#### PROBLEM DESCRIPTION
Only one stretch of the data below is wanted: the lines starting at the one with "exists (tree_colouring m" and ending at the one with "(@parent_adj _ H)", both included, given again exactly.

#### DATA RECORDS
Lemma satisfied_at_special u v : special u -> 0 < d v -> u != v ->
  (special v -> p u != p v -> m u != m v) -> satisfied g tree_colouring [set u; v].
Proof.
move=> su dv nuv siblings_m; have du : 0 < d u by rewrite special_depth.
have dpu : d (p u) = 0 by have := d_parent du; rewrite special_depth //; lia.
apply: (satisfied_by_parent du (set21 _ _)).
  apply/negP=> /eqP/set2_eq_cases[[_ E]|[E _]]; first by move: dv; rewrite -E dpu.
  by rewrite E eqxx in nuv.
move=> x dx nxu; rewrite !inE (negbTE nxu) /= => /or3P[] /eqP E.
- subst x; apply: (kappa_neq_special su) => sv.
  have [puv|npuv] := eqVneq (p v) (p u); first by rewrite special_tag_neq.
  by rewrite [m v == _]eq_sym siblings_m ?orbT // eq_sym.
- by apply: kappa_ordinary_special; rewrite // not_special_child // E.
- by apply: kappa_ordinary_special; rewrite // not_special_child // E.
Qed.

Lemma satisfied_at_ordinary u v :
  0 < d u -> 0 < d v -> ~~ special u -> ~~ special v ->
  (d u %% 3 = d v %% 3 /\ m u != m v) \/ d v %% 3 = (d u).+1 %% 3 ->
  satisfied g tree_colouring [set u; v].
Proof.
move=> du dv su sv layers; have dpu := d_parent du.
apply: (satisfied_by_parent du (set21 _ _)).
  apply/negP=> /eqP/set2_eq_cases[[_ E]|[_ E]].
    by rewrite E in dpu; case: layers => [[]|]; lia.
  by rewrite E in dpu; lia.
move=> x dx nxu; rewrite !inE (negbTE nxu) /= (kappa_ordinary su) => /or3P[] /eqP E.
- subst x; rewrite (kappa_ordinary sv).
  by case: layers => [[]|]; case: (m u); case: (m v) => //=; lia.
- have sx : ~~ special x by rewrite not_special_child // E.
  rewrite (kappa_ordinary sx) (d_parent dx) E.
  by case: (m u); case: (m x); lia.
- have sx : ~~ special x by rewrite not_special_child // E.
  rewrite (kappa_ordinary sx) (d_parent dx) E.
  by case: layers => [[]|]; case: (m u); case: (m x); lia.
Qed.

Lemma tree_colouring_satisfied u v : g u v -> h u v \/ m u != m v ->
  satisfied g tree_colouring [set u; v].
Proof.
move=> guv huv; have nuv : u != v by apply: contraTneq guv => ->; rewrite g_irr.
have [du|du] := posnP (d u).
  by apply: satisfied_at_root => // dv; case: huv => // /h_step; lia.
have [dv|dv] := posnP (d v).
  rewrite setUC; apply: satisfied_at_root; rewrite 1?eq_sym // => du0.
  by move: du; rewrite du0.
have [su|su] := boolP (special u).
  apply: satisfied_at_special => // sv _; case: huv => // /h_step.
  by rewrite !special_depth //; lia.
have [sv|sv] := boolP (special v).
  rewrite setUC; apply: satisfied_at_special; rewrite 1?eq_sym // => su'.
  by rewrite su' in su.
have mod_gap : h u v -> d u %% 3 <> d v %% 3 by move/h_step; lia.
have [E|[E|E]] : d u %% 3 = d v %% 3 \/ d v %% 3 = (d u).+1 %% 3 \/
    d u %% 3 = (d v).+1 %% 3 by lia.
- apply: satisfied_at_ordinary => //; left; split=> //.
  by case: huv => // /mod_gap.
- by apply: satisfied_at_ordinary => //; right.
- by rewrite setUC; apply: satisfied_at_ordinary => //; right.
Qed.

End LayeredColouring.

Theorem mainTheorem8 (T : finType) (g : rel T) :
  simple_graph g ->
  (exists H M : {set {set T}},
     [/\ H :|: M = edges g, [disjoint H & M],
         bipartite_edges H, spanning_no_K2_component H & matching M]) ->
  exists c : pcolouring T 16, forall a, a \in edges g -> satisfied g c a.
Proof.
move=> [g_sym g_irr] [H [M [HM _ [a H_bip] H_span M_match]]].
have H_sub : {subset H <= edges g} by move=> e He; rewrite -HM inE He.
have [m m_sep] := matching_two_colouring M_match.
exists (tree_colouring m (depth H) (parent H) (child H)) => _ /edgesP[u [v [guv ->]]].
apply: (tree_colouring_satisfied g_irr (adjH_sub g_sym H_sub) (depth_step H_bip)
  (@parent_adj _ H) (@depth_parent _ H) (anchor_children g_sym g_irr H_sub H_bip H_span)
  (anchor_children_neq g_sym g_irr H_sub H_span) guv).
have : [set u; v] \in H :|: M by rewrite HM; apply/edgesP; exists u, v.
case/setUP=> [Huv|Muv]; [left|right] => //.
by apply: m_sep Muv _; apply: contraTneq guv => ->; rewrite g_irr.
Qed.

#### TASK RESULT
exists (tree_colouring m (depth H) (parent H) (child H)) => _ /edgesP[u [v [guv ->]]].
apply: (tree_colouring_satisfied g_irr (adjH_sub g_sym H_sub) (depth_step H_bip)
  (@parent_adj _ H) (@depth_parent _ H) (anchor_children g_sym g_irr H_sub H_bip H_span)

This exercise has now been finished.